▸ **Exercise requirements**: Identify and copy all lines of the material where the string "apply" is found.

▸ **Supplied material**:
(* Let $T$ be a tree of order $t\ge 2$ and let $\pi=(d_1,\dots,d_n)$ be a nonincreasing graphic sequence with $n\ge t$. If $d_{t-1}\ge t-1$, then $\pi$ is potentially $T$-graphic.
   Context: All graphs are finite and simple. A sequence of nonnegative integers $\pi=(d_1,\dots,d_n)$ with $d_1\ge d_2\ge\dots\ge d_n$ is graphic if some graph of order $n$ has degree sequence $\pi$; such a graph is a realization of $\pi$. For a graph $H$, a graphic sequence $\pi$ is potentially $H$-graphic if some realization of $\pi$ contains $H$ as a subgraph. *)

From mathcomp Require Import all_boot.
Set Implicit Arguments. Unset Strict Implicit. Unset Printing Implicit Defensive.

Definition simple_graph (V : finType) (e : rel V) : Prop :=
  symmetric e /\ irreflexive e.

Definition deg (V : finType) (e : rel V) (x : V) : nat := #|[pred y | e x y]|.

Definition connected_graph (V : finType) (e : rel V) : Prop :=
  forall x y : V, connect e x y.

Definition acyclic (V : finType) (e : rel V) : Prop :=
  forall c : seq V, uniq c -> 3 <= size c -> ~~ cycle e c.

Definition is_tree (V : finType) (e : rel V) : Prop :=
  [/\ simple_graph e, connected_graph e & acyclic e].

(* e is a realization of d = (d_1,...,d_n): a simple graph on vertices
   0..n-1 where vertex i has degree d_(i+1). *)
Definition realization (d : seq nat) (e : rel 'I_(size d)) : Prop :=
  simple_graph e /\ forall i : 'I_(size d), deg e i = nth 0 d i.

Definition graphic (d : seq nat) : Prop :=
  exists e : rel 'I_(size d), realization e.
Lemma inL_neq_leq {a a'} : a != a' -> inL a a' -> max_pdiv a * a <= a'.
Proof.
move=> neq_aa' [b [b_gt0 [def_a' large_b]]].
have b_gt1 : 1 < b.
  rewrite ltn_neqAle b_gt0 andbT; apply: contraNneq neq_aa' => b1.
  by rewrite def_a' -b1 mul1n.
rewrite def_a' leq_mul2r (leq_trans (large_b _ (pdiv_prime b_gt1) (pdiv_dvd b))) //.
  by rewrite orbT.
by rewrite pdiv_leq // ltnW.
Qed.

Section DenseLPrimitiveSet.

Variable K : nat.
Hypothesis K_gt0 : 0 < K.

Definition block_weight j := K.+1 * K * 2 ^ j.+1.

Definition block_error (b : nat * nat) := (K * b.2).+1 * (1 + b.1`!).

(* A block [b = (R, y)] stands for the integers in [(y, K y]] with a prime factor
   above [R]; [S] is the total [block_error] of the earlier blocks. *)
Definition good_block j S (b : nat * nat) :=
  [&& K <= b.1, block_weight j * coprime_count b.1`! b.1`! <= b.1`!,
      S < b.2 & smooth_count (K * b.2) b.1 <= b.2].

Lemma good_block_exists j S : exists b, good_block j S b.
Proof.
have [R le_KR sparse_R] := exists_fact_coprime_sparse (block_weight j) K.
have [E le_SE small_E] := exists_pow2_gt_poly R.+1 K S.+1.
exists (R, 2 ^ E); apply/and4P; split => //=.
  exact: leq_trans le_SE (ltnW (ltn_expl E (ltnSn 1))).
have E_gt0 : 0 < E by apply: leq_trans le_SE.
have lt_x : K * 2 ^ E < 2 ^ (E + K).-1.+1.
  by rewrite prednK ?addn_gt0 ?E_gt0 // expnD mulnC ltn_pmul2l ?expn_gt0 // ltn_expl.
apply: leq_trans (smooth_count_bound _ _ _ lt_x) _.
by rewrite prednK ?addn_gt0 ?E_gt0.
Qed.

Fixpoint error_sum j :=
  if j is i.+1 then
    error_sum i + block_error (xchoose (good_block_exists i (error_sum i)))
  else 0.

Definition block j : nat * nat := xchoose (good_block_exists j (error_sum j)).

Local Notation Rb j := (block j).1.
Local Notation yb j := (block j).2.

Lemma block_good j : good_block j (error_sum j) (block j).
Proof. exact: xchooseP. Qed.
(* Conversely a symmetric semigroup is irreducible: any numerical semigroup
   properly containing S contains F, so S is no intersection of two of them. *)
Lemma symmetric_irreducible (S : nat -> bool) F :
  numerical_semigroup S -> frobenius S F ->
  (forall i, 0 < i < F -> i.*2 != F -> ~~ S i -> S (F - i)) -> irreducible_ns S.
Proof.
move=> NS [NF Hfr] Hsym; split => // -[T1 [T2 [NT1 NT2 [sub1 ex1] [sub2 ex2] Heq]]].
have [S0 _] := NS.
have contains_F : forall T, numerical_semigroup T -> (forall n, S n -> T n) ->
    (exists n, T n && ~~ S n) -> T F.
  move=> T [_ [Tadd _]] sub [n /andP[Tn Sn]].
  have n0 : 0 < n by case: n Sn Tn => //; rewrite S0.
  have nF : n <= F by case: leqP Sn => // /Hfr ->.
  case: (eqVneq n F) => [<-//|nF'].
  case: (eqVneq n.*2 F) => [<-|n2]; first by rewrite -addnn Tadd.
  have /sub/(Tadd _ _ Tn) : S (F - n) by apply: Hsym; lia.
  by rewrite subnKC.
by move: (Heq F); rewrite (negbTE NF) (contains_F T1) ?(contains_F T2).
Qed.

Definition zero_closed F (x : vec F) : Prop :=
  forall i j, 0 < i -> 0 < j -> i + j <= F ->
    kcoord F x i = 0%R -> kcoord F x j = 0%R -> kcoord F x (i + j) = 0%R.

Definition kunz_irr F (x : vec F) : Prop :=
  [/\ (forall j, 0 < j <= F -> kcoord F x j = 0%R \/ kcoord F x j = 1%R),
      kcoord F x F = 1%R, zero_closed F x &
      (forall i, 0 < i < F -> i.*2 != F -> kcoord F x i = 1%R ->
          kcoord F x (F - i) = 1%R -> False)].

▸ **Your response**:
  rewrite ltn_neqAle b_gt0 andbT; apply: contraNneq neq_aa' => b1.
exists (R, 2 ^ E); apply/and4P; split => //=.
have E_gt0 : 0 < E by apply: leq_trans le_SE.
apply: leq_trans (smooth_count_bound _ _ _ lt_x) _.
  have /sub/(Tadd _ _ Tn) : S (F - n) by apply: Hsym; lia.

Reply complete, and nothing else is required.